↓

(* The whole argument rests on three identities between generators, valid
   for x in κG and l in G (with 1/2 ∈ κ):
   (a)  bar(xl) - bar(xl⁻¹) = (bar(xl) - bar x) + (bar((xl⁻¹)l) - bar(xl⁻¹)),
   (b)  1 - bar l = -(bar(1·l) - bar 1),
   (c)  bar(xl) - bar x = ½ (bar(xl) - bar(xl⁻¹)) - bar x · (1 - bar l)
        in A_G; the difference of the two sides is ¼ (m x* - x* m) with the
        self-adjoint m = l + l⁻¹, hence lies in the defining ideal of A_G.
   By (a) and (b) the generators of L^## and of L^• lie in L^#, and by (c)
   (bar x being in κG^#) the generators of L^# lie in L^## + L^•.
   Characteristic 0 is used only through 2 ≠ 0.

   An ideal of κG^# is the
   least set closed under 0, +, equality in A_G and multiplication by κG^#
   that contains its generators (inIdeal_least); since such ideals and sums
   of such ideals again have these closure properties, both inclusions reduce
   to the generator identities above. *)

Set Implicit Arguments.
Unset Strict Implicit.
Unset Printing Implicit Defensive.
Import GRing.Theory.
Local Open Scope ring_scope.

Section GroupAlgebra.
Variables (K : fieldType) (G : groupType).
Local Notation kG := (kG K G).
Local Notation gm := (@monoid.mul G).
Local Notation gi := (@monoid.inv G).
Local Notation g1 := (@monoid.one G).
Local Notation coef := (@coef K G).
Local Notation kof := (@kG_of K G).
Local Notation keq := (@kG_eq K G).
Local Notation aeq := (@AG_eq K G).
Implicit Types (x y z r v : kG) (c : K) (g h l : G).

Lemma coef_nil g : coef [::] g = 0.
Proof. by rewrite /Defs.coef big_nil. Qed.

↑

→ WORK ORDER
Give again, exactly as written, every line from the first one above through the line that has "(1 - bar l)" in it.

→ WRITTEN RESPONSE
(* The whole argument rests on three identities between generators, valid
   for x in κG and l in G (with 1/2 ∈ κ):
   (a)  bar(xl) - bar(xl⁻¹) = (bar(xl) - bar x) + (bar((xl⁻¹)l) - bar(xl⁻¹)),
   (b)  1 - bar l = -(bar(1·l) - bar 1),
   (c)  bar(xl) - bar x = ½ (bar(xl) - bar(xl⁻¹)) - bar x · (1 - bar l)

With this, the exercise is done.